The Factories Act (Cap. 46:08) and the Employment Act (Cap 47:02) form the foundation of health and safety regulations in Botswana. Employers are legally required to:

  • Provide a Safe Workplace: Employers must identify potential hazards, implement risk mitigation measures, and maintain a work environment that minimizes the risk of accidents and occupational illnesses.
  • Proper Training and Information: All employees must be adequately informed and trained on health and safety procedures specific to their roles and the potential hazards present in the workplace.
  • Personal Protective Equipment (PPE): Employers must provide appropriate PPE to protect employees from identified workplace hazards.
  • Accident Reporting and Investigation: Employers are obligated to report work-related accidents and illnesses to the Department of Occupational Health and Safety (DOHS) and conduct thorough investigations to prevent recurrence.
  • Maintain Work Equipment: Regular maintenance of machinery and equipment is required to ensure their safe operation.

Employee Rights

Employees in Botswana have the right to a safe and healthy work environment. The Employment Act empowers them to:

  • Refuse Unsafe Work: Employees can refuse to perform tasks they believe are unsafe if proper precautions haven't been taken.
  • Report Unsafe Conditions: Employees have the right to report unsafe work practices or conditions to their supervisor, the DOHS, or their trade union representative.
  • Participate in Safety Committees: Employees can participate in workplace safety committees, if established, to contribute to a safe work environment.

Enforcement Agencies

The Department of Occupational Health and Safety (DOHS) under the Ministry of Labour and Home Affairs is the primary agency responsible for enforcing health and safety regulations in Botswana.

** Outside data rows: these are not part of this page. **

(* Let $G=(V,E,I,\{s,t\})$ be a grapht (possibly infinite). Suppose that $s$ is linked and that every system of edge-disjoint $st$-paths that links $s$ uses the edge $e$, where $e\in E\setminus\delta(s)$. Let $C$ be the $\trianglelefteq$-smallest Erdős–Menger $st$-cut that contains $e$. Then $C$ is tight, i.e. every linkage of $s$ is orthogonal to $C$.
   Context: Graphs may have parallel edges but no loops; all paths are finite. A grapht $(V,E,I,T)$ is a graph with a set $T$ of at least two terminal vertices; here $T=\{s,t\}$, so $T$-paths are exactly $st$-paths (paths from $s$ to $t$). $\delta(X)$ is the set of edges with exactly one end in $X$, $\delta(x)=\delta(\{x\})$; a cut is a set $\delta(X)$. For disjoint $A,B\subseteq V$, an $AB$-path has one endpoint in $A$, the other in $B$, and no inner vertex in $A\cup B$; an $AB$-cut is a cut $C$ such that $G-C$ has no $AB$-path. An edge set $C$ is orthogonal to a system $\mathcal{P}$ of edge-disjoint paths if $C$ consists of exactly one edge from each $P\in\mathcal{P}$ (and no other edges). An Erdős–Menger $st$-cut is an $st$-cut orthogonal to some system of edge-disjoint $st$-paths. For Erdős–Menger $st$-cuts $C,C'$, write $C\trianglelefteq C'$ if for every $st$-path $P$, with $<_P$ the linear order of $E(P)$ in the direction from $s$ to $t$, $\min_{<_P}(C\cap E(P))\le\min_{<_P}(C'\cap E(P))$. A system of edge-disjoint $st$-paths links $s$ if it covers $\delta(s)$; it is a linkage of $s$ if it links $s$ and every path in it contains an edge of $\delta(s)$ (i.e. it is minimal with this property); $s$ is linked if some system links it. *)

From Stdlib Require Import List.
Import ListNotations.

(* A graph (V, E, I): I is the incidence relation; every edge has exactly
   two distinct ends (no loops; parallel edges allowed). *)
Record graph := mkGraph {
  vtx : Type;
  edg : Type;
  inc : edg -> vtx -> Prop;
  inc_two : forall e, exists u v, u <> v /\ forall w, inc e w <-> (w = u \/ w = v)
}.

Section Defs.
Variable G : graph.
Local Notation inc := (inc G).
Notation V := (vtx G).
Notation E := (edg G).

Definition joins (e : E) (u v : V) : Prop := inc e u /\ inc e v /\ u <> v.

Definition delta (X : V -> Prop) (e : E) : Prop :=
  exists u v, inc e u /\ inc e v /\ X u /\ ~ X v.

Definition deltav (x : V) : E -> Prop := delta (fun w => w = x).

The DOHS conducts inspections, investigates complaints, and advises employers and employees on best practices.

Additionally, the Factories Inspectorate within the DOHS focuses on upholding safety standards in industrial settings governed by the Factories Act.

Fines and Penalties: Employers who fail to comply with health and safety regulations can face hefty fines and even imprisonment in severe cases.